Kristie Ahn waited 11 years between her first United States Open singles look and her subsequent one, which began the ultimate week with three victories.
“My life has come full circle, and I feel like I can finally put the 2008 U.S. Open to rest,” acknowledged Ahn, 27, whose occasion ended with a loss to the 25th-seeded Elise Mertens, 6-1, 6-1, in a fourth-round match on Monday. Mertens will face Bianca Andreescu in the quarterfinals.
Ahn’s journey has included a sudden kinship with Dinara Safina, the now-retired Russian participant who beat Ahn, 6-3, 6-4, in the opening spherical in 2008.
As Ahn has progressed through the occasion, Safina, 33, has despatched phrases of encouragement to her on social media and in personal messages between the 2.
Seeded sixth in the 2008 U.S. Open, Safina was in the midst of an ascent that may take her to the No. 1 score the next spring. Before the Open that 12 months, she had reached the last word of the French Open, acquired titles in Los Angeles and Montreal, and claimed a silver medal in the Beijing Olympics.
In a cellphone interview Monday from her home in Monaco, Safina acknowledged her win over Ahn, then 16, had been “just another match.”
“I remember coming to the U.S. Open I was very tired, so for me, I was just focusing on myself,” acknowledged Safina, who made the semifinals, the place she misplaced to the eventual champion, Serena Williams. “I was really not thinking of who was on the other side.”
“I remember that I played against her, and it was two sets,” Safina added. “I came in playing really solid, and I was in my best shape. I played a really good match. Honestly, I don’t think I gave her any chances to win. But I remember everyone I played, especially if it’s a qualifier or wild card. I always remember.”
Years later Safina was educating one different participant, Anhelina Kalinina of Ukraine, at a small occasion in Dothan, Ala., and he or she seen Ahn.

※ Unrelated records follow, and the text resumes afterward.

Lemma hedge_learner_hedges h x :
  hedges (hit_cost h x) (miss_cost h x) (hedge_learner h x).
Proof.
apply: xgetPex; apply: exists_hedging_dist => [|l|l]; first exact: ltnW.
  rewrite /hit_cost mulr_ge0_le0 ?mistake_rate_ge0 // ln_le0 //.
  by have /andP[] := hit_factor_itv (share_itv h x l).
have /andP[Ki0 _] := invK_itv.
have a01 := share_itv h x l.
have /andP[hit_ge _] := hit_factor_itv a01; have miss_ge := miss_factor_ge a01.
rewrite /hit_cost /miss_cost hedge_ineq //.
- exact: lt_le_trans Ki0 miss_ge.
- exact: lt_le_trans Ki0 hit_ge.
- by rewrite addrC hit_miss_factor.
Qed.

Lemma hedge_learner_valid : valid_learner hedge_learner.
Proof. by move=> h x; have [] := hedge_learner_hedges h x. Qed.

Lemma weight_rcons_le j h e :
  weight j (rcons h e) <= if refutes j e then weight j h / K else weight j h.
Proof.
rewrite /weight /nrefuted -cats1 count_cat /= addn0.
case: (refutes j e); last by rewrite addn0.
rewrite addn1; case: (ltnP (count (refutes j) h) (budget m j)) => [lt_nB|le_Bn].
  rewrite (ltnW lt_nB) -(subnSK lt_nB) [K ^+ _.+1]exprS.
  by rewrite mulrC mulKf ?gt_eqF ?K_gt0.
by case: ifP => _; rewrite ?mul0r // divr_ge0 ?exprn_ge0 // ltW // K_gt0.
Qed.

Lemma potential_rcons_le h x yh y : 0 < potential h ->
  potential (rcons h (x, yh == y, yh)) <= potential h * shrink_factor h x yh y.
Proof.
move=> P0; apply: le_trans (ler_sum _ (fun j _ => weight_rcons_le j h _)) _.
rewrite (bigID (fun j => x j == yh)) /= /shrink_factor /share.
move: P0; rewrite (potential_split h x yh).
set A := \sum_(j | x j == yh) _; set B := \sum_(j | x j != yh) _.
move=> AB0; rewrite /hit_factor /miss_factor.
case: (yh == y).
  under eq_bigr => j /eqP -> do rewrite eqxx /=.
  under [X in _ + X]eq_bigr => j /negPf -> do rewrite /=.
  rewrite -mulr_suml -/A -/B [leRHS](_ : _ = A + B / K) //.
  by field; rewrite natrk_neq0 gt_eqF.
under eq_bigr => j /eqP -> do rewrite eqxx /=.
under [X in _ + X]eq_bigr => j /negPf -> do rewrite /=.
rewrite -mulr_suml -/A -/B [leRHS](_ : _ = A / K + B) //.
by field; rewrite natrk_neq0 gt_eqF.
Qed.

Lemma nrefuted_le_count j h ys : agrees h ys ->
  (nrefuted j h <= count (fun e : inst k m * 'I_k => e.1 j != e.2)
                        (zip [seq e.1.1 | e <- h] ys))%N.
Proof.
elim: h ys => [|[[x b] yh] h IH] [|y ys] //=.
rewrite /agrees /= eqSS => /andP[sz /andP[/eqP y_b ag]].
apply: leq_add; last by apply: IH; rewrite /agrees sz ag.
rewrite -y_b; case: (eqVneq y yh) => [->|ne_y] /=; first exact: leqnn.
by case: eqP => // ->; rewrite eq_sym ne_y.
Qed.

Lemma realizable_potential_ge1 h : realizable h -> 1 <= potential h.
Proof.
move=> [ys [ag /existsP[j err_j]]].
have {err_j}nj := leq_trans (nrefuted_le_count j ag) err_j.
rewrite /potential (bigD1 j) //= -[1]addr0 lerD //; last first.
  by apply: sumr_ge0 => i _; exact: weight_ge0.
by rewrite /weight nj exprn_ege1 // ltW // K_gt1.
Qed.

Lemma shrink_factor_gt0 h x yh y : 0 < shrink_factor h x yh y.
Proof.
have /andP[Ki0 _] := invK_itv; have a01 := share_itv h x yh.
rewrite /shrink_factor; case: eqP => _; apply: lt_le_trans Ki0 _.
  by have /andP[] := hit_factor_itv a01.
exact: miss_factor_ge.
Qed.

Lemma shrink_factor_cost h x yh y :
  (yh != y)%:R + mistake_rate R k * ln (shrink_factor h x yh y) =
  if yh == y then hit_cost h x yh else miss_cost h x yh.
Proof.
by rewrite /shrink_factor /hit_cost /miss_cost; case: eqP; rewrite ?add0r.
Qed.

Lemma emistakes_hedge_learner_le (A : adversary R k m) T h :
  valid_adversary A -> realizable h ->
  emistakes hedge_learner A T h <= mistake_rate R k * ln (potential h).
Proof.
move=> vA; elim: T h => [|T IH] h rh /=.
  by rewrite mulr_ge0 ?mistake_rate_ge0 ?ln_ge0 ?realizable_potential_ge1.
set x := advX A h; set p := hedge_learner h x.
have [q_dist q_real] := vA h x p (hedge_learner_valid h x).
have P0 := lt_le_trans ltr01 (realizable_potential_ge1 rh).
apply: hedging_round_le (hedge_learner_hedges h x) q_dist _ => yh y p_gt0 q_gt0.
have rh' := q_real rh yh y p_gt0 q_gt0.
have P0' := lt_le_trans ltr01 (realizable_potential_ge1 rh').
rewrite -shrink_factor_cost -addrA lerD2l; apply: le_trans (IH _ rh') _.
rewrite -mulrDr ler_wpM2l ?mistake_rate_ge0 // -lnM ?posrE ?shrink_factor_gt0 //.
by rewrite ler_ln ?posrE ?mulr_gt0 ?shrink_factor_gt0 // mulrC potential_rcons_le.
Qed.

Lemma potential_nil : potential [::] = Wm R k m.
Proof.
rewrite /potential /Wm; under [RHS]eq_bigr do rewrite exprM.
rewrite -sum_exprn_budget; apply: eq_bigr => j _.
by rewrite /weight /nrefuted /= subn0.
Qed.

Lemma realizable_nil : has (fun a => 0 < a)%N m -> realizable (k:=k) (m:=m) [::].
Proof.
move=> m_pos; have n0 : (0 < nexp m)%N.
  by elim: m m_pos => //= a s IH /orP[/ltn_addr|/IH/ltn_addl].
by exists [::]; split => //; apply/existsP; exists (Ordinal n0).
Qed.

End Potential.

Theorem lemma4p8 (R : realType) (k : nat) (m : seq nat) :
  (2 <= k)%N -> has (fun a => 0 < a)%N m ->
  (Vopt R k m <= (k%:R * (ln (Wm R k m) / ln (bk R k)))%:E)%E.
Proof.
move=> k_gt1 m_pos; apply: ge_ereal_inf.
exists (ereal_sup [set w | exists (A : adversary R k m) (T : nat),
    valid_adversary A /\ w = (emistakes (@hedge_learner R k m) A T [::])%:E]).
  by exists (@hedge_learner R k m); split => //; exact: hedge_learner_valid.
apply: ge_ereal_sup => _ [A [T [vA ->]]]; rewrite lee_fin.
apply: le_trans
  (emistakes_hedge_learner_le k_gt1 T vA (realizable_nil k m_pos)) _.
by rewrite potential_nil /mistake_rate mulrAC -mulrA.
Qed.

“When I saw her there, I was like: ‘Oh my God, I played against you! Remember?’ And she couldn’t believe I remembered her,” Safina acknowledged. “I was like, ‘Of course I remember you — how can I not remember you?’ And since then — thank God for Instagram — I’m following her and her results. I’m really happy for her that finally she’s breaking through and doing great.”
Forced out of the game by once more points, Safina carried out her closing match in 2011 and formally retired in 2014. She needs to return to the tour as a coach, she acknowledged, nonetheless, for now, has been giving a suggestion to Ahn from afar.
“She was like, ‘Put your head down, you’ve got to believe you can do it,’” Ahn acknowledged. “It’s so inspiring. Not that you expect people to be selfish post-tennis, but I didn’t know her; that’s as much as our overlap went. To see how supportive she’s been of me recently — wow, that’s so amazing.”
Safina acknowledged the precept distinction between avid gamers of her caliber and other people like Ahn, who’ve struggled exterior the very best 100, is confidence.
“The only difference between those players in challengers and the ones who make it on tour is we believe much more in ourselves, that’s the thing,” Safina acknowledged. “I told her to believe more in herself. They all have the game, but I don’t know why they think they’re not good enough. No, it’s not that! What is not good enough is their mentality.”
After eliminating “the looming skeleton in my closet” and gaining her first win in a Grand Slam occasion, Ahn acknowledged she had seen a increasingly more supportive custom on tour — one which she credited to proper this second’s avid gamers however moreover to retired professionals like Safina.
“It’s been amazing,” Ahn acknowledged. “You feel like it’s a community.”